● **Exercise instructions**:
The required output consists solely of the lines from the top of the listing through the line containing "z_t = -c_t(H)", transcribed exactly.

────────

(* Let $H\in\mathbb{R}^{n\times n}$ be symmetric with $\lambda_{\min}(H)<0$ and unit eigenvector $v_1$ for $\lambda_{\min}(H)$, let $g\in\mathbb{R}^n$ with $g^\intercal v_1\neq0$, let $f(z)=\frac12z^\intercal Hz+g^\intercal z$ and $\beta=\|H\|_{\mathrm{op}}$. Let $0<\eta<1/\beta$ and $z_0=-\alpha\frac{g}{\|g\|}$ with $0<\alpha<\min\big(1,\frac{\|g\|^3}{|g^\intercal Hg|}\big)$, and let $z_{s+1}=z_s-\eta\nabla f(z_s)$ for $s\ge0$. Suppose $t$ is such that $\|z_s\|\le 1$ for $s=0,\dots,t$ and $z_t^\intercal\nabla f(z_t)\le 0$. Then $z_t^\intercal H\nabla f(z_t)\ge \beta\, z_t^\intercal\nabla f(z_t)$.
   Context: $\nabla f(z)=Hz+g$; $\|H\|_{\mathrm{op}}$ is the operator norm. *)

From HB Require Import structures.
From mathcomp Require Import all_boot all_order all_algebra.
From mathcomp Require Import reals.
Set Implicit Arguments. Unset Strict Implicit. Unset Printing Implicit Defensive.
Import Order.TTheory GRing.Theory Num.Theory.
Local Open Scope ring_scope.

Definition dotv (R : realType) (n : nat) (u v : 'cV[R]_n) : R :=
  (u^T *m v) 0 0.
Definition vnorm (R : realType) (n : nat) (u : 'cV[R]_n) : R :=
  Num.sqrt (dotv u u).

Definition opnorm (R : realType) (n : nat) (H : 'M[R]_n) : R :=
  sup (fun r : R => exists x : 'cV[R]_n, vnorm x = 1 /\ r = vnorm (H *m x)).

(* gradient of f(z) = 1/2 z^T H z + g^T z *)
Definition gradf (R : realType) (n : nat) (H : 'M[R]_n) (g z : 'cV[R]_n)
  : 'cV[R]_n := H *m z + g.

Fixpoint gd_iter (R : realType) (n : nat) (H : 'M[R]_n) (g z0 : 'cV[R]_n)
  (eta : R) (s : nat) : 'cV[R]_n :=
  match s with
  | O => z0
  | S s' => let z := gd_iter H g z0 eta s' in z - eta *: gradf H g z
  end.

From HB Require Import structures.
From mathcomp Require Import all_boot all_order all_algebra.
From mathcomp Require Import boolp classical_sets reals.
From mathcomp Require Import ring lra.
Set Implicit Arguments. Unset Strict Implicit. Unset Printing Implicit Defensive.
Import Order.TTheory GRing.Theory Num.Theory.
Local Open Scope ring_scope.

(* Started at -a g, gradient descent stays in the Krylov space of g:
   z_t = -c_t(H) g for a polynomial c_t ([gd_poly]), and grad f(z_t) = u_t(H) g with
   u_t = 1 - X c_t = (1 - eta X)^t (1 - a X).  The claim becomes g^T p(H) g >= 0 for
   p = c_t (beta - X) u_t.  As H is symmetric, the polynomials p with p(H) positive
   semidefinite form a convex cone closed under p |-> s p s.  It contains beta - X,
   and 1 - eta X = eta (beta - X) + (1 - eta beta), hence c_t (1 - eta X)^t and
   c_t (1 - eta X)^t (beta - X) by induction on t.  If a beta <= 1, then
   1 - a X = a (beta - X) + (1 - a beta) puts p in the cone.  Otherwise
   a p = c_t (1 - eta X)^t (1 - a X)^2 + (a beta - 1) c_t u_t, and the hypothesis
   z_t^T grad f(z_t) <= 0 says exactly that g^T (c_t u_t)(H) g >= 0.  Only these facts
   (with a >= 0) are used. *)

Section InnerProduct.
Variables (R : realType) (n : nat).
Implicit Types (u v w : 'cV[R]_n) (A : 'M[R]_n).

Lemma dotvC u v : dotv u v = dotv v u.
Proof. by rewrite /dotv !mxE; apply: eq_bigr => i _; rewrite !mxE mulrC. Qed.

Lemma dotvDr u v w : dotv u (v + w) = dotv u v + dotv u w.
Proof. by rewrite /dotv mulmxDr mxE. Qed.

Lemma dotvZr k u v : dotv u (k *: v) = k * dotv u v.
Proof. by rewrite /dotv -scalemxAr mxE. Qed.

Lemma dotvNr u v : dotv u (- v) = - dotv u v.
Proof. by rewrite /dotv mulmxN mxE. Qed.

Lemma dotvBr u v w : dotv u (v - w) = dotv u v - dotv u w.
Proof. by rewrite dotvDr dotvNr. Qed.

Lemma dotv0r u : dotv u 0 = 0.
Proof. by rewrite /dotv mulmx0 mxE. Qed.

Lemma dotvZl k u v : dotv (k *: u) v = k * dotv u v.
Proof. by rewrite dotvC dotvZr dotvC. Qed.

Lemma dotvNl u v : dotv (- u) v = - dotv u v.
Proof. by rewrite dotvC dotvNr dotvC. Qed.

Lemma dotvBl u v w : dotv (u - v) w = dotv u w - dotv v w.
Proof. by rewrite dotvC dotvBr dotvC [dotv w v]dotvC. Qed.

Lemma dotv_mulmxr A u v : dotv u (A *m v) = dotv (A^T *m u) v.
Proof. by rewrite /dotv trmx_mul trmxK mulmxA. Qed.

Lemma dotvv_ge0 u : 0 <= dotv u u.
Proof.
by rewrite /dotv mxE; apply: sumr_ge0 => i _; rewrite !mxE -expr2 sqr_ge0.
Qed.

Lemma dotvv_eq0 u : dotv u u = 0 -> u = 0.
Proof.
rewrite /dotv mxE => /psumr_eq0P sq0; apply/matrixP => i j; rewrite ord1 !mxE.
have /eqP := sq0 (fun k _ => ltac:(rewrite !mxE -expr2; exact: sqr_ge0)) i isT.
by rewrite !mxE mulf_eq0 orbb => /eqP.
Qed.

Lemma vnorm_eq1 u : vnorm u = 1 -> dotv u u = 1.
Proof. by rewrite /vnorm => /(congr1 (fun r => r ^+ 2)); rewrite sqr_sqrtr ?dotvv_ge0 ?expr1n. Qed.

End InnerProduct.

Section OperatorNorm.
Variables (R : realType) (n : nat) (H : 'M[R]_n).
Hypothesis opnorm_gt0 : 0 < opnorm H.

Lemma vnorm_mulmx_le_opnorm x : vnorm x = 1 -> vnorm (H *m x) <= opnorm H.
Proof.
move=> x1.
set E := (fun r : R => exists x : 'cV[R]_n, vnorm x = 1 /\ r = vnorm (H *m x)).
(* without a supremum, [sup] would return 0 *)
have supE : has_sup E.
  apply: contrapT => noSup; move: opnorm_gt0.
  by rewrite /opnorm -/E sup_out // ltxx.
by apply: (sup_upper_bound supE); exists x.
Qed.

Lemma dotv_mulmx_le_opnorm_unit y : vnorm y = 1 -> dotv y (H *m y) <= opnorm H.
Proof.
move=> y1; set b := opnorm H.
have yy1 := vnorm_eq1 y1.
have HyHy : dotv (H *m y) (H *m y) <= b ^+ 2.
  rewrite -[dotv _ _]sqr_sqrtr ?dotvv_ge0 // -/(vnorm _).
  rewrite lerXn2r ?nnegrE ?sqrtr_ge0 ?(ltW opnorm_gt0) //.
  exact: vnorm_mulmx_le_opnorm.
(* 0 <= |b y - H y|^2 <= 2 b^2 - 2 b y^T H y *)
have := dotvv_ge0 (b *: y - H *m y).
rewrite dotvBl !dotvBr !dotvZl !dotvZr [dotv (H *m y) y]dotvC yy1.
have b_gt0 : 0 < b := opnorm_gt0.
nra.
Qed.

Lemma dotv_mulmx_le_opnorm x : dotv x (H *m x) <= opnorm H * dotv x x.
Proof.
have [xx0|xx0] := eqVneq (dotv x x) 0.
  by rewrite (dotvv_eq0 xx0) mulmx0 !dotv0r mulr0.
have xx_gt0 : 0 < dotv x x by rewrite lt_neqAle eq_sym xx0 dotvv_ge0.
set s := vnorm x.
have s_gt0 : 0 < s by rewrite sqrtr_gt0.
have ss : s * s = dotv x x by rewrite -expr2 sqr_sqrtr ?dotvv_ge0.
have y1 : vnorm (s^-1 *: x) = 1.
  have ss1 : s^-1 * (s^-1 * (s * s)) = 1 by field; rewrite gt_eqF.
  by rewrite /vnorm dotvZl dotvZr -ss ss1 sqrtr1.
have := dotv_mulmx_le_opnorm_unit y1.
rewrite -scalemxAr dotvZl dotvZr -ss => unit_bound.
have -> : dotv x (H *m x) = s * s * (s^-1 * (s^-1 * dotv x (H *m x))).
  by field; rewrite gt_eqF.
by rewrite [_ * (s * s)]mulrC ler_pM2l ?mulr_gt0.
Qed.

End OperatorNorm.

Lemma gt0_of_lt_div1r (R : realFieldType) (e x : R) : 0 < e -> e < 1 / x -> 0 < x.
Proof.
move=> e_gt0 e_lt; rewrite ltNge; apply/negP => x_le0.
have : 1 / x <= 0 by rewrite mul1r invr_le0.
by move/(lt_le_trans (lt_trans e_gt0 e_lt)); rewrite ltxx.
Qed.

Section PolynomialsInH.
Variables (R : realType) (n : nat) (H : 'M[R]_n.+1).
Hypothesis H_sym : H^T = H.
Implicit Types (p q s : {poly R}) (x : 'cV[R]_n.+1).

Lemma trmx_horner_mx p : (horner_mx H p)^T = horner_mx H p.
Proof.
elim/poly_ind: p => [|p c IH]; first by rewrite rmorph0 trmx0.
rewrite rmorphD rmorphM /= horner_mx_X horner_mx_C linearD /= trmx_mul IH H_sym.
by rewrite tr_scalar_mx (comm_mx_horner p (comm_mx_refl H)).
Qed.

Lemma dotv_horner_mx p q x :
  dotv (horner_mx H p *m x) (horner_mx H q *m x) = dotv x (horner_mx H (p * q) *m x).
Proof. by rewrite rmorphM /= -mulmxE -mulmxA [RHS]dotv_mulmxr trmx_horner_mx. Qed.

Lemma dotv_horner_mxD p q x :
  dotv x (horner_mx H (p + q) *m x)
  = dotv x (horner_mx H p *m x) + dotv x (horner_mx H q *m x).
Proof. by rewrite rmorphD /= mulmxDl dotvDr. Qed.

Lemma dotv_horner_mxB p q x :
  dotv x (horner_mx H (p - q) *m x)
  = dotv x (horner_mx H p *m x) - dotv x (horner_mx H q *m x).
Proof. by rewrite rmorphB /= mulmxBl dotvBr. Qed.

Lemma dotv_horner_mxZ k p x :
  dotv x (horner_mx H (k%:P * p) *m x) = k * dotv x (horner_mx H p *m x).
Proof. by rewrite rmorphM /= horner_mx_C -mulmxE mul_scalar_mx -scalemxAl dotvZr. Qed.

Lemma mulmx_horner_mx p x : H *m (horner_mx H p *m x) = horner_mx H ('X * p) *m x.
Proof. by rewrite rmorphM /= horner_mx_X -mulmxE mulmxA. Qed.

Definition psd_horner p := forall x, 0 <= dotv x (horner_mx H p *m x).

Lemma psd_horner1 : psd_horner 1.
Proof. by move=> x; rewrite rmorph1 mul1mx dotvv_ge0. Qed.

Lemma psd_hornerD p q : psd_horner p -> psd_horner q -> psd_horner (p + q).
Proof. by move=> psd_p psd_q x; rewrite dotv_horner_mxD addr_ge0. Qed.

Lemma psd_hornerZ k p : 0 <= k -> psd_horner p -> psd_horner (k%:P * p).
Proof. by move=> k_ge0 psd_p x; rewrite dotv_horner_mxZ mulr_ge0. Qed.

Lemma psd_horner_conj s p : psd_horner p -> psd_horner (s * p * s).
Proof.
move=> psd_p x; rewrite !rmorphM /= -!mulmxE -!mulmxA dotv_mulmxr trmx_horner_mx.
exact: psd_p.
Qed.

Lemma psd_horner_sqr s : psd_horner (s * s).
Proof. by have := psd_horner_conj s psd_horner1; rewrite mulr1. Qed.

Lemma psd_horner_exprM r p :
  psd_horner p -> psd_horner (r * p) -> forall m, psd_horner (r ^+ m * p).
Proof.
move=> psd_p psd_rp.
suff both m : psd_horner (r ^+ m * p) /\ psd_horner (r ^+ m.+1 * p).
  by move=> m; case: (both m).
elim: m => [|m [IH0 IH1]]; first by rewrite expr0 mul1r expr1.
split=> //; have -> : r ^+ m.+2 * p = r * (r ^+ m * p) * r by rewrite !exprS; ring.
exact: psd_horner_conj.
Qed.

End PolynomialsInH.

Lemma psd_horner_opnorm_subX (R : realType) n (H : 'M[R]_n.+1) :
  0 < opnorm H -> psd_horner H ((opnorm H)%:P - 'X).
Proof.
move=> b_gt0 x; rewrite rmorphB /= horner_mx_C horner_mx_X mulmxBl mul_scalar_mx.
by rewrite dotvBr dotvZr subr_ge0 dotv_mulmx_le_opnorm.
Qed.

Fixpoint gd_poly (R : realType) (a eta : R) (t : nat) : {poly R} :=
  if t is t'.+1 then (1 - eta%:P * 'X) * gd_poly a eta t' + eta%:P else a%:P.

Lemma gd_iterE (R : realType) n (H : 'M[R]_n.+1) (g : 'cV[R]_n.+1) a eta t :
  gd_iter H g (- a *: g) eta t = - (horner_mx H (gd_poly a eta t) *m g).
Proof.
elim: t => [|t IH] /=; first by rewrite horner_mx_C mul_scalar_mx scaleNr.
rewrite IH /gradf rmorphD rmorphM rmorphB rmorph1 /= !horner_mx_C.
rewrite rmorphM /= horner_mx_C horner_mx_X.
rewrite -!mulmxE !mulmxDl mul1mx !mulNmx !mul_scalar_mx -!scalemxAl -!mulmxA mulmxN.
by apply/matrixP => i j; rewrite !mxE; ring.
Qed.

Lemma gradf_horner_mx (R : realType) n (H : 'M[R]_n.+1) (g : 'cV[R]_n.+1) c :
  gradf H g (- (horner_mx H c *m g)) = horner_mx H (1 - 'X * c) *m g.
Proof.
rewrite /gradf rmorphB rmorph1 rmorphM /= horner_mx_X -mulmxE.
by rewrite mulmxBl mul1mx mulmxN mulmxA addrC.
Qed.

Lemma gd_residual (R : realType) (a eta : R) t :
  1 - 'X * gd_poly a eta t = (1 - eta%:P * 'X) ^+ t * (1 - a%:P * 'X).
Proof.
elim: t => [|t IH] /=; first by rewrite expr0 mul1r mulrC.
by rewrite exprS -mulrA -IH; ring.
Qed.

Section Descent.
Variables (R : realType) (n : nat) (H : 'M[R]_n.+1) (b a eta : R).
Hypotheses (H_sym : H^T = H) (psd_b : psd_horner H (b%:P - 'X)).
Hypotheses (a_ge0 : 0 <= a) (eta_ge0 : 0 <= eta) (eta_b : eta * b <= 1).

Let r : {poly R} := 1 - eta%:P * 'X.

Lemma psd_horner_step p :
  psd_horner H p -> psd_horner H ((b%:P - 'X) * p) -> psd_horner H (r * p).
Proof.
move=> psd_p psd_bp.
have -> : r * p = eta%:P * ((b%:P - 'X) * p) + (1 - eta * b)%:P * p.
  by rewrite /r polyCB polyCM polyC1; ring.
by apply: psd_hornerD; apply: psd_hornerZ; rewrite ?subr_ge0.
Qed.

Lemma psd_horner_gd_poly p t :
  psd_horner H p -> psd_horner H ((b%:P - 'X) * p) ->
  psd_horner H (gd_poly a eta t * r ^+ t * p).
Proof.
move=> psd_p psd_bp.
have psd_rp := psd_horner_exprM H_sym psd_p (psd_horner_step psd_p psd_bp).
suff gen k : psd_horner H (gd_poly a eta t * r ^+ k * p) by [].
elim: t k => [|t IH] k /=; first by rewrite -mulrA; apply: psd_hornerZ.
have -> : (r * gd_poly a eta t + eta%:P) * r ^+ k * p
        = gd_poly a eta t * r ^+ k.+1 * p + eta%:P * (r ^+ k * p).
  by rewrite exprS; ring.
by apply: psd_hornerD; [apply: IH | apply: psd_hornerZ].
Qed.

Lemma dotv_horner_mx_descent t x :
  0 <= dotv x (horner_mx H (gd_poly a eta t * (1 - 'X * gd_poly a eta t)) *m x) ->
  0 <= dotv x
         (horner_mx H (gd_poly a eta t * (b%:P - 'X) * (1 - 'X * gd_poly a eta t)) *m x).
Proof.
rewrite gd_residual -/r; set c := gd_poly a eta t => cu_ge0.
have psd_c : psd_horner H (c * r ^+ t * 1).
  by apply: psd_horner_gd_poly; [exact: psd_horner1 | rewrite mulr1].
have psd_cb : psd_horner H (c * r ^+ t * (b%:P - 'X)).
  exact: psd_horner_gd_poly psd_b (psd_horner_sqr H_sym _).
have [ab_le1|ab_gt1] := lerP (a * b) 1.
  have -> : c * (b%:P - 'X) * (r ^+ t * (1 - a%:P * 'X))
      = a%:P * ((b%:P - 'X) * (c * r ^+ t * 1) * (b%:P - 'X))
        + (1 - a * b)%:P * (c * r ^+ t * (b%:P - 'X)).
    by rewrite polyCB polyCM polyC1; ring.
  apply: psd_hornerD; last by apply: psd_hornerZ; rewrite ?subr_ge0.
  by apply: psd_hornerZ => //; apply: psd_horner_conj.
have a_gt0 : 0 < a.
  by rewrite lt_neqAle a_ge0 andbT; apply: contraTneq ab_gt1 => <-; rewrite mul0r ltr10.
rewrite -(pmulr_rge0 _ a_gt0) -dotv_horner_mxZ.
have -> : a%:P * (c * (b%:P - 'X) * (r ^+ t * (1 - a%:P * 'X)))
    = (1 - a%:P * 'X) * (c * r ^+ t * 1) * (1 - a%:P * 'X)
      + (a * b - 1)%:P * (c * (r ^+ t * (1 - a%:P * 'X))).
  by rewrite polyCB polyCM polyC1; ring.
rewrite dotv_horner_mxD dotv_horner_mxZ addr_ge0 //; first exact: psd_horner_conj.
by rewrite mulr_ge0 // subr_ge0 ltW.
Qed.

End Descent.

Theorem lemma4 (R : realType) (n : nat) (H : 'M[R]_n) (g v1 : 'cV[R]_n)
  (lam eta alpha : R) (t : nat) :
  H^T = H ->
  (* lam = lambda_min(H) < 0, with unit eigenvector v1 *)
  eigenvalue H lam ->
  (forall mu : R, eigenvalue H mu -> lam <= mu) ->
  lam < 0 ->
  vnorm v1 = 1 ->
  H *m v1 = lam *: v1 ->
  dotv g v1 != 0 ->
  0 < eta -> eta < 1 / opnorm H ->
  0 < alpha -> alpha < 1 ->
  alpha * `|dotv g (H *m g)| < vnorm g ^+ 3 ->
  (forall s : nat, (s <= t)%N ->
     vnorm (gd_iter H g (- (alpha / vnorm g) *: g) eta s) <= 1) ->
  dotv (gd_iter H g (- (alpha / vnorm g) *: g) eta t)
       (gradf H g (gd_iter H g (- (alpha / vnorm g) *: g) eta t)) <= 0 ->
  dotv (gd_iter H g (- (alpha / vnorm g) *: g) eta t)
       (H *m gradf H g (gd_iter H g (- (alpha / vnorm g) *: g) eta t))
  >= opnorm H * dotv (gd_iter H g (- (alpha / vnorm g) *: g) eta t)
       (gradf H g (gd_iter H g (- (alpha / vnorm g) *: g) eta t)).
Proof.
case: n H g v1 => [|n] H g v1 H_sym _ _ _ v1_unit _ _ eta_gt0 eta_lt alpha_gt0 _ _ _.
  by move: v1_unit; rewrite [v1]flatmx0 /vnorm dotv0r sqrtr0 => /esym/eqP; rewrite oner_eq0.
have b_gt0 := gt0_of_lt_div1r eta_gt0 eta_lt.
rewrite ltr_pdivlMr // in eta_lt.
have a_ge0 : 0 <= alpha / vnorm g by rewrite divr_ge0 ?sqrtr_ge0 ?ltW.
have descent := dotv_horner_mx_descent H_sym (psd_horner_opnorm_subX b_gt0) a_ge0
  (ltW eta_gt0) (ltW eta_lt) (x := g).
rewrite gd_iterE gradf_horner_mx mulmx_horner_mx !dotvNl !dotv_horner_mx //.
rewrite oppr_le0 mulrN lerN2 => /descent; rewrite -subr_ge0 -dotv_horner_mxZ -dotv_horner_mxB.
by congr (0 <= dotv g (horner_mx H _ *m g)); ring.
Qed.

────────

● **Task output**:
(* Let $H\in\mathbb{R}^{n\times n}$ be symmetric with $\lambda_{\min}(H)<0$ and unit eigenvector $v_1$ for $\lambda_{\min}(H)$, let $g\in\mathbb{R}^n$ with $g^\intercal v_1\neq0$, let $f(z)=\frac12z^\intercal Hz+g^\intercal z$ and $\beta=\|H\|_{\mathrm{op}}$. Let $0<\eta<1/\beta$ and $z_0=-\alpha\frac{g}{\|g\|}$ with $0<\alpha<\min\big(1,\frac{\|g\|^3}{|g^\intercal Hg|}\big)$, and let $z_{s+1}=z_s-\eta\nabla f(z_s)$ for $s\ge0$. Suppose $t$ is such that $\|z_s\|\le 1$ for $s=0,\dots,t$ and $z_t^\intercal\nabla f(z_t)\le 0$. Then $z_t^\intercal H\nabla f(z_t)\ge \beta\, z_t^\intercal\nabla f(z_t)$.
   Context: $\nabla f(z)=Hz+g$; $\|H\|_{\mathrm{op}}$ is the operator norm. *)

From HB Require Import structures.
From mathcomp Require Import all_boot all_order all_algebra.
From mathcomp Require Import reals.
Set Implicit Arguments. Unset Strict Implicit. Unset Printing Implicit Defensive.
Import Order.TTheory GRing.Theory Num.Theory.
Local Open Scope ring_scope.

Definition dotv (R : realType) (n : nat) (u v : 'cV[R]_n) : R :=
  (u^T *m v) 0 0.
Definition vnorm (R : realType) (n : nat) (u : 'cV[R]_n) : R :=
  Num.sqrt (dotv u u).

Definition opnorm (R : realType) (n : nat) (H : 'M[R]_n) : R :=
  sup (fun r : R => exists x : 'cV[R]_n, vnorm x = 1 /\ r = vnorm (H *m x)).

(* gradient of f(z) = 1/2 z^T H z + g^T z *)
Definition gradf (R : realType) (n : nat) (H : 'M[R]_n) (g z : 'cV[R]_n)
  : 'cV[R]_n := H *m z + g.

Fixpoint gd_iter (R : realType) (n : nat) (H : 'M[R]_n) (g z0 : 'cV[R]_n)
  (eta : R) (s : nat) : 'cV[R]_n :=
  match s with
  | O => z0
  | S s' => let z := gd_iter H g z0 eta s' in z - eta *: gradf H g z
  end.

From HB Require Import structures.
From mathcomp Require Import all_boot all_order all_algebra.
From mathcomp Require Import boolp classical_sets reals.
From mathcomp Require Import ring lra.
Set Implicit Arguments. Unset Strict Implicit. Unset Printing Implicit Defensive.
Import Order.TTheory GRing.Theory Num.Theory.
Local Open Scope ring_scope.

(* Started at -a g, gradient descent stays in the Krylov space of g:
   z_t = -c_t(H) g for a polynomial c_t ([gd_poly]), and grad f(z_t) = u_t(H) g with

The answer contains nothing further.